### Exercise details
Check each line below for the word "Prop", and copy those that have it.

### Task inputs
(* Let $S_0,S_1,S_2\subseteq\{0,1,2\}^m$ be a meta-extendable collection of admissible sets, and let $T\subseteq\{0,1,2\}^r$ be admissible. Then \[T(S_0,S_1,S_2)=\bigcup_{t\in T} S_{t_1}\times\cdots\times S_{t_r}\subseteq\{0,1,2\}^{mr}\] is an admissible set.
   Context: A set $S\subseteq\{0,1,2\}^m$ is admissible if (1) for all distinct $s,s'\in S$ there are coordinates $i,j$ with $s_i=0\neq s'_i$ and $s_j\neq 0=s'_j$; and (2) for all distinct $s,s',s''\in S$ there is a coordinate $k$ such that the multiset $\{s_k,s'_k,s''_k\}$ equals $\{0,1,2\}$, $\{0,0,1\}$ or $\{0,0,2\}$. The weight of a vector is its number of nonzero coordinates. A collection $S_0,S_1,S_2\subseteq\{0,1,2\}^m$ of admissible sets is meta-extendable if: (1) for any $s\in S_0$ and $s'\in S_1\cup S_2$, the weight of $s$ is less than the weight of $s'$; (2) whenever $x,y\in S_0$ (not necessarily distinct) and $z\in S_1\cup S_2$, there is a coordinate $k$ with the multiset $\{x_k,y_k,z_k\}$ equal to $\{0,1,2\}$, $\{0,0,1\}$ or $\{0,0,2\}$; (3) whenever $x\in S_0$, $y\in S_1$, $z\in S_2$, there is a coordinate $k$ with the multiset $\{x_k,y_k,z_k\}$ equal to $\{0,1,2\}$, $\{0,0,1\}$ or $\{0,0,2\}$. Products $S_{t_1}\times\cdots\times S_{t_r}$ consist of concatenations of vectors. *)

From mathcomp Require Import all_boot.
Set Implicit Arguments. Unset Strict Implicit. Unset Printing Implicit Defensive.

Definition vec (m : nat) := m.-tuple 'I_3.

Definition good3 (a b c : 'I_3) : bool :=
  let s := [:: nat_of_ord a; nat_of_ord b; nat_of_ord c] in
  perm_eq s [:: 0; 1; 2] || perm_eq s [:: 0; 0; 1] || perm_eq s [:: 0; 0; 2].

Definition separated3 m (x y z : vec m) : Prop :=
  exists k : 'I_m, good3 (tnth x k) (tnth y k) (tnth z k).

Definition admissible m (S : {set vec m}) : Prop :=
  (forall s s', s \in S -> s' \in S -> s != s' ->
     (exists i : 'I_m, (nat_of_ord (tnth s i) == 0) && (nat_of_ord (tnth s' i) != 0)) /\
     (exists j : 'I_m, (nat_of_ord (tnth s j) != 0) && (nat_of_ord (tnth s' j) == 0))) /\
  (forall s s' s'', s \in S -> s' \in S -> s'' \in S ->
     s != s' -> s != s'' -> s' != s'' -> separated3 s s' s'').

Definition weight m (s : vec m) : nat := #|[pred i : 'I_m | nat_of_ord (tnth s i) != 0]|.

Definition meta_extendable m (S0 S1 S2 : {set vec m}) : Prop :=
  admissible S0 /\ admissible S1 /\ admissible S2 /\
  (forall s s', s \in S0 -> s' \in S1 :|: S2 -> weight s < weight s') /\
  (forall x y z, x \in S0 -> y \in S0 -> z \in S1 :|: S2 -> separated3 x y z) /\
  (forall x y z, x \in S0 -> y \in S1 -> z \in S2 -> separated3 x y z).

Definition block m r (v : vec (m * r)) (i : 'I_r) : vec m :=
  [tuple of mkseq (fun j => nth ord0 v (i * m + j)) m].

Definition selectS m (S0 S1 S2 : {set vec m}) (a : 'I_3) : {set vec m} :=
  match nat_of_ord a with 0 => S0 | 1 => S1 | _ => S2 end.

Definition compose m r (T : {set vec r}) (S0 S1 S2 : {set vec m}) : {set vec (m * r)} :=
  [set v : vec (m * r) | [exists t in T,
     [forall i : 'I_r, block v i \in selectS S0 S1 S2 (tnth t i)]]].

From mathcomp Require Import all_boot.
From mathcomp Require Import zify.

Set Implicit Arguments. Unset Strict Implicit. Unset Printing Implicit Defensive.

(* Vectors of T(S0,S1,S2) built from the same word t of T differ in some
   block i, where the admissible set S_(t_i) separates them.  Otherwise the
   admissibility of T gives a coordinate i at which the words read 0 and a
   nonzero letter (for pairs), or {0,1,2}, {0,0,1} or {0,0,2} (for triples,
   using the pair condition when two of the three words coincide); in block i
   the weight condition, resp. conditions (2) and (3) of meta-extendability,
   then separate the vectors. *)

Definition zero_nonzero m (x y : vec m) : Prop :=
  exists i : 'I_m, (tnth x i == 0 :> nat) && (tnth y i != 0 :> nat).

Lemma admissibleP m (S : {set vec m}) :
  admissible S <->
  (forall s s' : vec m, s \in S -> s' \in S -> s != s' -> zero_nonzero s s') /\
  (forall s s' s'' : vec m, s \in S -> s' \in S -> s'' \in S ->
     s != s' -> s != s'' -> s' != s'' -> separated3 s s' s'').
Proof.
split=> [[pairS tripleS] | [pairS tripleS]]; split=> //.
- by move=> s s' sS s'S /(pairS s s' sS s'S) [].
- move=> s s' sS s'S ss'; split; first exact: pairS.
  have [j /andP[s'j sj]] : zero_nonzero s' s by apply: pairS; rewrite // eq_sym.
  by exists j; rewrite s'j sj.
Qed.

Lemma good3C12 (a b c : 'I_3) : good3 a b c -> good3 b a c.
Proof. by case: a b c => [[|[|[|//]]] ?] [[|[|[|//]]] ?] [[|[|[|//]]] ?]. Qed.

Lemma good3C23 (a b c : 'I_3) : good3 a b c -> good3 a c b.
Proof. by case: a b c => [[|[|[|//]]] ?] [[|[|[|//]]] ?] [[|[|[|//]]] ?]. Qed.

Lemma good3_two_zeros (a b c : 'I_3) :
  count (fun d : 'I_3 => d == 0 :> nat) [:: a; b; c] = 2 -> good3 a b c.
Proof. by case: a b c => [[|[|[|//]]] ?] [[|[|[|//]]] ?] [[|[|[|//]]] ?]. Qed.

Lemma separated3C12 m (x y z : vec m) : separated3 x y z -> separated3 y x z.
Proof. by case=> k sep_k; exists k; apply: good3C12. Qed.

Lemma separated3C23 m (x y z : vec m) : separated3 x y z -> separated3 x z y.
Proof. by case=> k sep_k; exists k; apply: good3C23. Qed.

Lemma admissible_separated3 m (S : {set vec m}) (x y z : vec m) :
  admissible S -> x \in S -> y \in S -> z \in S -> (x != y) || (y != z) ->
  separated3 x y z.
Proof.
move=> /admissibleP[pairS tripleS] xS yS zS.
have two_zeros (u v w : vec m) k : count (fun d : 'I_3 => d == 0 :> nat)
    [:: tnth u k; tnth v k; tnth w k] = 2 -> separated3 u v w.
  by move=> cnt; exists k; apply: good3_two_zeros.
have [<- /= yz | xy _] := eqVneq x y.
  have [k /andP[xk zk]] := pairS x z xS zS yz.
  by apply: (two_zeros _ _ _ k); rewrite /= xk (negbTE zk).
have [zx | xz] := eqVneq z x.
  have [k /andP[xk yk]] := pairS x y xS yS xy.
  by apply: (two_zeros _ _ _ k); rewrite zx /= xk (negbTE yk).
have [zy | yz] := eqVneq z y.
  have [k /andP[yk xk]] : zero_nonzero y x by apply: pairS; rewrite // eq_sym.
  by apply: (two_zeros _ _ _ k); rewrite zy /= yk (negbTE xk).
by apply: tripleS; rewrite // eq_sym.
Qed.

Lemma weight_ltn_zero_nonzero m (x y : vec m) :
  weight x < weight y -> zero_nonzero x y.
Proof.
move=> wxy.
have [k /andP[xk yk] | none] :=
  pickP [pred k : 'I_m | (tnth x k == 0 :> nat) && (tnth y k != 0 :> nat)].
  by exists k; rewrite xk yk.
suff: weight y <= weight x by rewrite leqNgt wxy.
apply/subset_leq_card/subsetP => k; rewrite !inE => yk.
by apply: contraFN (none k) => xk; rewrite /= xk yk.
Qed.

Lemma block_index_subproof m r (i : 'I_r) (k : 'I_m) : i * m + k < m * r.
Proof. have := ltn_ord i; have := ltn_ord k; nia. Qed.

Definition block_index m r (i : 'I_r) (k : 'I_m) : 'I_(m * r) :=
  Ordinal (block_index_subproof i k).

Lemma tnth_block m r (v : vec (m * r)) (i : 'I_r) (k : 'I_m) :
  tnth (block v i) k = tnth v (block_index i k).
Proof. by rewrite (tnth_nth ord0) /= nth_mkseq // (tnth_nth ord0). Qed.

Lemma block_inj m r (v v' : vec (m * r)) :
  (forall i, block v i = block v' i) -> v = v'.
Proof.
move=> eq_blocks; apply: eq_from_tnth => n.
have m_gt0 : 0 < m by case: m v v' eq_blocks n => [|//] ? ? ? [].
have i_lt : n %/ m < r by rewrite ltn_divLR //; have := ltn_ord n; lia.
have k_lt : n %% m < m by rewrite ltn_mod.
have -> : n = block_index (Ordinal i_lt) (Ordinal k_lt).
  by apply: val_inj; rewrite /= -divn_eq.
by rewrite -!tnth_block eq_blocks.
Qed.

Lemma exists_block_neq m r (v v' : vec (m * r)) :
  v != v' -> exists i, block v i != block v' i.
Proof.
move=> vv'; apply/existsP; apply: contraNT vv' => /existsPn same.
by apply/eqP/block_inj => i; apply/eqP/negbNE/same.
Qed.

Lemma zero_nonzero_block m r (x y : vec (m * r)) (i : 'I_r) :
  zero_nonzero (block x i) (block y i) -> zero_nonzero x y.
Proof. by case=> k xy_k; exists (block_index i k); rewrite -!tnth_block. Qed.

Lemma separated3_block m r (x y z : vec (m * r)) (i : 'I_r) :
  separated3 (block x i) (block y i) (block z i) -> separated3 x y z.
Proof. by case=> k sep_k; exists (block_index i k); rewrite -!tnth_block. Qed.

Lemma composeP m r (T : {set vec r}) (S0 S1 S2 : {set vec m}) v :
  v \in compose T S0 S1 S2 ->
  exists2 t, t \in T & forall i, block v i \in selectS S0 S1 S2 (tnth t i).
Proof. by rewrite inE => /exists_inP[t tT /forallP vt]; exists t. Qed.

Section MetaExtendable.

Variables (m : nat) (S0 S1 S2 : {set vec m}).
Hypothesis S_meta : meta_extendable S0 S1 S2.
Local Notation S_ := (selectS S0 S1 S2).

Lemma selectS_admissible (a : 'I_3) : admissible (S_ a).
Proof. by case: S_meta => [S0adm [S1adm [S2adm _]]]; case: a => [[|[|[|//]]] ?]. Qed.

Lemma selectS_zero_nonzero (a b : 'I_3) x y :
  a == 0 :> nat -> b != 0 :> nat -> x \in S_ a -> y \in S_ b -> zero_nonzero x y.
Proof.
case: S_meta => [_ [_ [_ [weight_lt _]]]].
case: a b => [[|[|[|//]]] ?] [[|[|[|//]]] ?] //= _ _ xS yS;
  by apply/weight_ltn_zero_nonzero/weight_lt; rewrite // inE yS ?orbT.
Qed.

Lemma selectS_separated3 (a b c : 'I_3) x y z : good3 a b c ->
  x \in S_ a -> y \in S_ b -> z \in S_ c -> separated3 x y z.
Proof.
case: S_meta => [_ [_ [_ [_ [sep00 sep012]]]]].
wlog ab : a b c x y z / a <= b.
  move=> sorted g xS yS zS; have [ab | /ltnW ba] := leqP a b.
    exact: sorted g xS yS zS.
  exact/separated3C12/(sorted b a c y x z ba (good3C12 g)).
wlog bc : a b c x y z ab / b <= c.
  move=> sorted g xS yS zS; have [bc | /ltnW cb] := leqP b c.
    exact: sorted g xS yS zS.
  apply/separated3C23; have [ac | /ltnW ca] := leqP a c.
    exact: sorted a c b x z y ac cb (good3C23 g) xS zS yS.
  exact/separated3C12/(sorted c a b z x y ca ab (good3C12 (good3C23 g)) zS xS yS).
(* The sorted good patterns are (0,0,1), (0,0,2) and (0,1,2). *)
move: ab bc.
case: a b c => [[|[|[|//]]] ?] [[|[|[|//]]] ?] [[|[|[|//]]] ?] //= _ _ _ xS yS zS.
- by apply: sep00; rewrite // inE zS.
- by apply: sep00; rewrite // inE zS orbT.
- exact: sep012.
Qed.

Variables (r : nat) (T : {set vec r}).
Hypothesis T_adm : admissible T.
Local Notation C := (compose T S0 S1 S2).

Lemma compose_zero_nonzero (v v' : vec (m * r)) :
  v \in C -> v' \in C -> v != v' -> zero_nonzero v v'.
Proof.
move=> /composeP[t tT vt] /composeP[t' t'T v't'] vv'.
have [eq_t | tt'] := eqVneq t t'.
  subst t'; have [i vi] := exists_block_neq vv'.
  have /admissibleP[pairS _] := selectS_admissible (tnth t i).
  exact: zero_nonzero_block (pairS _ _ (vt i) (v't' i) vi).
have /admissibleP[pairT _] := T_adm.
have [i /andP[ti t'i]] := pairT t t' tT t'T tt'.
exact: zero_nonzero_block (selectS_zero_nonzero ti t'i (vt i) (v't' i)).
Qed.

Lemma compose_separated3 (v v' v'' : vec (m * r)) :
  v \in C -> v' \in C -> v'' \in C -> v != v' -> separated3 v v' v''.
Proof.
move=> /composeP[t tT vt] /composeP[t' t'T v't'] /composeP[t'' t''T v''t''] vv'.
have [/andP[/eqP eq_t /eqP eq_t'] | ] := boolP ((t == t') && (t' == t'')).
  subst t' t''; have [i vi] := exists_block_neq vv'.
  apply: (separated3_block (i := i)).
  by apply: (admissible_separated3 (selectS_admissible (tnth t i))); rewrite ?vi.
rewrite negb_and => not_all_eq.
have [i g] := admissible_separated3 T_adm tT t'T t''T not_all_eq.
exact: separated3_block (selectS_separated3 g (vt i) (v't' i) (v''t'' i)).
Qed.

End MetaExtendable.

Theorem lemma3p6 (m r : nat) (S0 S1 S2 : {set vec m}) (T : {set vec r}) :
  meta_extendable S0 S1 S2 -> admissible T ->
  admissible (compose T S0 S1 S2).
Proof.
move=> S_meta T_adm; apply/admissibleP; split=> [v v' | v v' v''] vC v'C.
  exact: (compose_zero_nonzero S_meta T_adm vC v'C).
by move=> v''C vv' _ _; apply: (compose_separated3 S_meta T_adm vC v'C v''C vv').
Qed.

---

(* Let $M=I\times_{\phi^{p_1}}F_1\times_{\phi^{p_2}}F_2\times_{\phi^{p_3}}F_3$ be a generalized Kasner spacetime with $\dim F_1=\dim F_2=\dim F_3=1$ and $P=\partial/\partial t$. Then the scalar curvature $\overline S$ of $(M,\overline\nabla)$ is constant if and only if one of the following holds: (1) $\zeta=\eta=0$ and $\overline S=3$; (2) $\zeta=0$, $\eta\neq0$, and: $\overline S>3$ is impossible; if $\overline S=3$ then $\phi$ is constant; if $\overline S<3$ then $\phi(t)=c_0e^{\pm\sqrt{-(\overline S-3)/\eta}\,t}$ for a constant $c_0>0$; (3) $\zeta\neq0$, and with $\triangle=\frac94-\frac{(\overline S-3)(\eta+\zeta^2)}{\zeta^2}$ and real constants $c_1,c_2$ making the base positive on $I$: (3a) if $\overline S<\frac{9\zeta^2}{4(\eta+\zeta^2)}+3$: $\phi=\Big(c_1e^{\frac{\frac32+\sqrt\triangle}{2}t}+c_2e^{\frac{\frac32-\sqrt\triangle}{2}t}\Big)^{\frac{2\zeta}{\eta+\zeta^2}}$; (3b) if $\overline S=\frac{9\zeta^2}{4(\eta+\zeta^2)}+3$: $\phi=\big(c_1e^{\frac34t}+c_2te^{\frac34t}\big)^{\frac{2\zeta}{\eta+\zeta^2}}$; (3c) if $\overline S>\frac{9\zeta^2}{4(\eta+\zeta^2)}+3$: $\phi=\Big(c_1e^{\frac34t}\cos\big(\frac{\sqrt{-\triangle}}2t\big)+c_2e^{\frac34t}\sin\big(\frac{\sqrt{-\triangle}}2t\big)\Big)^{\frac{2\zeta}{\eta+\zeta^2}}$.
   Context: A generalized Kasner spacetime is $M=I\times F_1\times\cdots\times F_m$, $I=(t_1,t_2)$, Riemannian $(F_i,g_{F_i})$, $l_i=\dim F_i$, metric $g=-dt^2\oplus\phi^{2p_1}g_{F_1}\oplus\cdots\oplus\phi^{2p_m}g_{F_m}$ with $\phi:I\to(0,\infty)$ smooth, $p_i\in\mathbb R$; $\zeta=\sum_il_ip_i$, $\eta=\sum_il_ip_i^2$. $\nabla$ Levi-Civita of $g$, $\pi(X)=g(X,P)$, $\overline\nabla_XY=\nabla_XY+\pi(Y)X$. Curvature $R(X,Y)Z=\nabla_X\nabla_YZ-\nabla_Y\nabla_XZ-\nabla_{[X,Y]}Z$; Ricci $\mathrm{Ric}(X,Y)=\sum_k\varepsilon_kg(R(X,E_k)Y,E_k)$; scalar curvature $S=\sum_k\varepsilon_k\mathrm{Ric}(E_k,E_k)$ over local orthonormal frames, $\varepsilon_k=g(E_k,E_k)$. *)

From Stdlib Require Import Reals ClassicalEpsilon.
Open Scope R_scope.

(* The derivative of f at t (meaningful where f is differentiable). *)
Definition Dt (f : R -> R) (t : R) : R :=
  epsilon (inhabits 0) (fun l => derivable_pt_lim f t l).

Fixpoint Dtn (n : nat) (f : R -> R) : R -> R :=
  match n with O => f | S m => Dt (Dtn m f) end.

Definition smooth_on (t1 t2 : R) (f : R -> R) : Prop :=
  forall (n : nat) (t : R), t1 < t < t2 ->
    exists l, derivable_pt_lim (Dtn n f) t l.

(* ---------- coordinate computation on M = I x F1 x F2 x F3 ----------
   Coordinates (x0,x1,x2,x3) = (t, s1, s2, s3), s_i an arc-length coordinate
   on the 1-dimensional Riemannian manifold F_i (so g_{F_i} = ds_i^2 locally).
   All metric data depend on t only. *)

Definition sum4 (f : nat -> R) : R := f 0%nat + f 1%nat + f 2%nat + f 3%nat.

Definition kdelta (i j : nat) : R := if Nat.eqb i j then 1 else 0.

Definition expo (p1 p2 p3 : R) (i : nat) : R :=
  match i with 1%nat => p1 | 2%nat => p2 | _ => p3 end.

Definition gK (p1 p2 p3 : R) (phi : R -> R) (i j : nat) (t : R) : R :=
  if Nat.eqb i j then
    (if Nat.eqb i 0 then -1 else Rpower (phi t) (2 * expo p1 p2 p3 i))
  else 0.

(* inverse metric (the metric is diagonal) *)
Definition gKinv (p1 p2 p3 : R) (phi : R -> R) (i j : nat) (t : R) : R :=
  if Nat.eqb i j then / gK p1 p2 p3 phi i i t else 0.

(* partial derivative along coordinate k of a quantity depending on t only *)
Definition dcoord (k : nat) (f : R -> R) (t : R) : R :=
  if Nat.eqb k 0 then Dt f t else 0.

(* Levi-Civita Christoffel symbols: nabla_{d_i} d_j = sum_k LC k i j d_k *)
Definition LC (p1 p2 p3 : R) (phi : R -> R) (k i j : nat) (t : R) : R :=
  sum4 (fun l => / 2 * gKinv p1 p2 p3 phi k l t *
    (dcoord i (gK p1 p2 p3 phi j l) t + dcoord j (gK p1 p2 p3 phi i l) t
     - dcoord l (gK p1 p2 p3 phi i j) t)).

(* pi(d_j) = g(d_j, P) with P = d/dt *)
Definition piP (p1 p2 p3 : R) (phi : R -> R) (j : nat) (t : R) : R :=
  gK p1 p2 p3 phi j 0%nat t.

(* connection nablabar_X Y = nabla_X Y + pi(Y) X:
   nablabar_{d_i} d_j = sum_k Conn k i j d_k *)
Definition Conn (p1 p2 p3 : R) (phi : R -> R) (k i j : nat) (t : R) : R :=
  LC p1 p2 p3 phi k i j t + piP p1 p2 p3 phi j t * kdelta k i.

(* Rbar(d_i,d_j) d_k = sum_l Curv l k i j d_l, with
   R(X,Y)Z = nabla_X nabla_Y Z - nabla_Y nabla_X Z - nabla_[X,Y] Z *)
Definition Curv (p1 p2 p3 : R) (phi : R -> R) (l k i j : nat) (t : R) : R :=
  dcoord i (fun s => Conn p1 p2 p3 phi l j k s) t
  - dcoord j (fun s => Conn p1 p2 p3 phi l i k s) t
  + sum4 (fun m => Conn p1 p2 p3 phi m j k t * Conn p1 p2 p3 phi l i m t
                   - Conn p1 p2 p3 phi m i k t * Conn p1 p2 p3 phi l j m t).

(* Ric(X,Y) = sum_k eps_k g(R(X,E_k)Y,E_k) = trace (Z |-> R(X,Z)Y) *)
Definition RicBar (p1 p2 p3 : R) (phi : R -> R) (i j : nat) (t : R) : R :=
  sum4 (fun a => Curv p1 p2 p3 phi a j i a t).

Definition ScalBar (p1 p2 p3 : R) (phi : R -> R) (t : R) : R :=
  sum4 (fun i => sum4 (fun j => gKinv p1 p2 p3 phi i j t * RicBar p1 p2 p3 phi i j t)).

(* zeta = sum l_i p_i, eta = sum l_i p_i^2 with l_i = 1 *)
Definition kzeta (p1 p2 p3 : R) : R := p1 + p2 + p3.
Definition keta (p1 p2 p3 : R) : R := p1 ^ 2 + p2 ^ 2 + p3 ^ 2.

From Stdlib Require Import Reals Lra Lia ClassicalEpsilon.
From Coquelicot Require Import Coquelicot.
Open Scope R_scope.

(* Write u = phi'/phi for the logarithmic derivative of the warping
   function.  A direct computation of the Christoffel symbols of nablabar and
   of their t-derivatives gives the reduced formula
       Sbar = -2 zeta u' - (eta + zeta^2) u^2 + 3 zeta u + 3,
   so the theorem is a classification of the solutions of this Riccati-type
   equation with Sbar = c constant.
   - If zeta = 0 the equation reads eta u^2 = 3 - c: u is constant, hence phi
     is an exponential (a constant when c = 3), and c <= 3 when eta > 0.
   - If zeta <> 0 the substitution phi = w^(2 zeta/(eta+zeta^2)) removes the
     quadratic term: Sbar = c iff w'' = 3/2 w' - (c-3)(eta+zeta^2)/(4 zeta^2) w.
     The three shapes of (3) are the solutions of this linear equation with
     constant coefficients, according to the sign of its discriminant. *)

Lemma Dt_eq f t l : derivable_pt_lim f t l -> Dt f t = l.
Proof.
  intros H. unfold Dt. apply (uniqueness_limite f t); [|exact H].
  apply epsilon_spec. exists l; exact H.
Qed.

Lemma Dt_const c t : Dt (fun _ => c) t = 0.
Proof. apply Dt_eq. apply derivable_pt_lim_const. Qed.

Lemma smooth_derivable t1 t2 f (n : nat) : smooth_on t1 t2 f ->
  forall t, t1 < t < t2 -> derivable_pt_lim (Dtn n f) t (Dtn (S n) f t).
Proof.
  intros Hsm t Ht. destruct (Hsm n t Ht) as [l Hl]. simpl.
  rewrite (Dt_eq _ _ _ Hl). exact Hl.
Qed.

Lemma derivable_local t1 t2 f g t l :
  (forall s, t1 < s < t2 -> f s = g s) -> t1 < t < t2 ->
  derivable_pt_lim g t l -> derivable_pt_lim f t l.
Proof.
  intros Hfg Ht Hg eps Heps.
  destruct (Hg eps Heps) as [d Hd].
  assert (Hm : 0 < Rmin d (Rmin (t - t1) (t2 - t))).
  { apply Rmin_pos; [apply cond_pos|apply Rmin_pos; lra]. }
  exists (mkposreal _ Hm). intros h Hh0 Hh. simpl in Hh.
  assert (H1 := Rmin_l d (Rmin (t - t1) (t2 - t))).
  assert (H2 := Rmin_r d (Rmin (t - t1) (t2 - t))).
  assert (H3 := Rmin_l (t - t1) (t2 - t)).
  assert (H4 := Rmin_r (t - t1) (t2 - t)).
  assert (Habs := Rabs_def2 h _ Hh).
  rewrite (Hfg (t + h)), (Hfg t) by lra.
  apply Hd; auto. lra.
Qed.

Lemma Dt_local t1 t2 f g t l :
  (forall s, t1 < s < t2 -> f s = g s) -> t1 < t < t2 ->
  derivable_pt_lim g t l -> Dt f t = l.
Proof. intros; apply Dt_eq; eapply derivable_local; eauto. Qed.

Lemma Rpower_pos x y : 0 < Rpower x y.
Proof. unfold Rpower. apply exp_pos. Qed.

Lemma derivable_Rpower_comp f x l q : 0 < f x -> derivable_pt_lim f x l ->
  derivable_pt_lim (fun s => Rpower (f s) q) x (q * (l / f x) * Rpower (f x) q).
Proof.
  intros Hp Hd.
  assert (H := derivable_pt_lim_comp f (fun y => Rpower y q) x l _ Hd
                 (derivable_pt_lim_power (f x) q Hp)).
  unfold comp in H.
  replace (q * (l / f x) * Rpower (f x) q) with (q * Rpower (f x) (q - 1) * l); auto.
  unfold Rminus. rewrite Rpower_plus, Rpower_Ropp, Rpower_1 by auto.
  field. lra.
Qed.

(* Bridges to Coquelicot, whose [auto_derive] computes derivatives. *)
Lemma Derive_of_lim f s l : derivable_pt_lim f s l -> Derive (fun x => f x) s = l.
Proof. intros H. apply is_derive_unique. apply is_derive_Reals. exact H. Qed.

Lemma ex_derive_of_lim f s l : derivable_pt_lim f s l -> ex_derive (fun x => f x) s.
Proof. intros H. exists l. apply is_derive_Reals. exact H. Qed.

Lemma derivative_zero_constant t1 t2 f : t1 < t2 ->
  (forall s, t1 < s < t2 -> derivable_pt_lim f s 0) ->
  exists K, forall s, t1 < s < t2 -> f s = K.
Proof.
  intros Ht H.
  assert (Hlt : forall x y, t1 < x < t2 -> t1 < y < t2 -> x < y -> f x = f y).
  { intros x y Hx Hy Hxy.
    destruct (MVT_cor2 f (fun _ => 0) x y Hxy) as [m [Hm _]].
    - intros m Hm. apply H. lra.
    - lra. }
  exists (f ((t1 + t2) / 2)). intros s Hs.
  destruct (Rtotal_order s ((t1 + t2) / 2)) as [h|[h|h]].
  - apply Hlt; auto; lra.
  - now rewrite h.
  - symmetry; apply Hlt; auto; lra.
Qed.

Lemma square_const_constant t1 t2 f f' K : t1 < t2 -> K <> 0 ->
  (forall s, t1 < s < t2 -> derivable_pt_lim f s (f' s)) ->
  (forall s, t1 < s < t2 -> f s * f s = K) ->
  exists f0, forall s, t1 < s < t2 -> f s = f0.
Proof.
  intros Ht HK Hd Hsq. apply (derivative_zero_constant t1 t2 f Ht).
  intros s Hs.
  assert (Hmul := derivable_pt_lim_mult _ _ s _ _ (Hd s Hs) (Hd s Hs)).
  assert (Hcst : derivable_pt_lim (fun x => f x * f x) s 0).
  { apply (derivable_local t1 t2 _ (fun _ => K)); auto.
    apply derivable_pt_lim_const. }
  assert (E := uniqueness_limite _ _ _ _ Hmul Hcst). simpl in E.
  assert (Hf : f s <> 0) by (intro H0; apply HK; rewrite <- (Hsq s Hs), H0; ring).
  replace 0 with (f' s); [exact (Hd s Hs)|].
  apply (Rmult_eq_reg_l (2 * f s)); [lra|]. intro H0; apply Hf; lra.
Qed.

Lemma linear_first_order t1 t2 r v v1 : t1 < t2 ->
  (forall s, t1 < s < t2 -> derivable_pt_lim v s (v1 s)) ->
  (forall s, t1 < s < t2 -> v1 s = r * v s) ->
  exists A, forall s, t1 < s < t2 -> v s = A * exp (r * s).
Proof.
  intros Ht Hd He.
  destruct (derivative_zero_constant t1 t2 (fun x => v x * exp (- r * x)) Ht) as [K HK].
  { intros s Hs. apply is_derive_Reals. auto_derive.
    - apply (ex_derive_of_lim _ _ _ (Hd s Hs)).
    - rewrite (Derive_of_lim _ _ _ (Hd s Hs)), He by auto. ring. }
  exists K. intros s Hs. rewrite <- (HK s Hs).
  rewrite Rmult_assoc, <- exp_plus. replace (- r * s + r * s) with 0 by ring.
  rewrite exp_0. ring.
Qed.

### Problem solution
Definition separated3 m (x y z : vec m) : Prop :=
Definition admissible m (S : {set vec m}) : Prop :=
Definition meta_extendable m (S0 S1 S2 : {set vec m}) : Prop :=
Definition zero_nonzero m (x y : vec m) : Prop :=
Definition smooth_on (t1 t2 : R) (f : R -> R) : Prop :=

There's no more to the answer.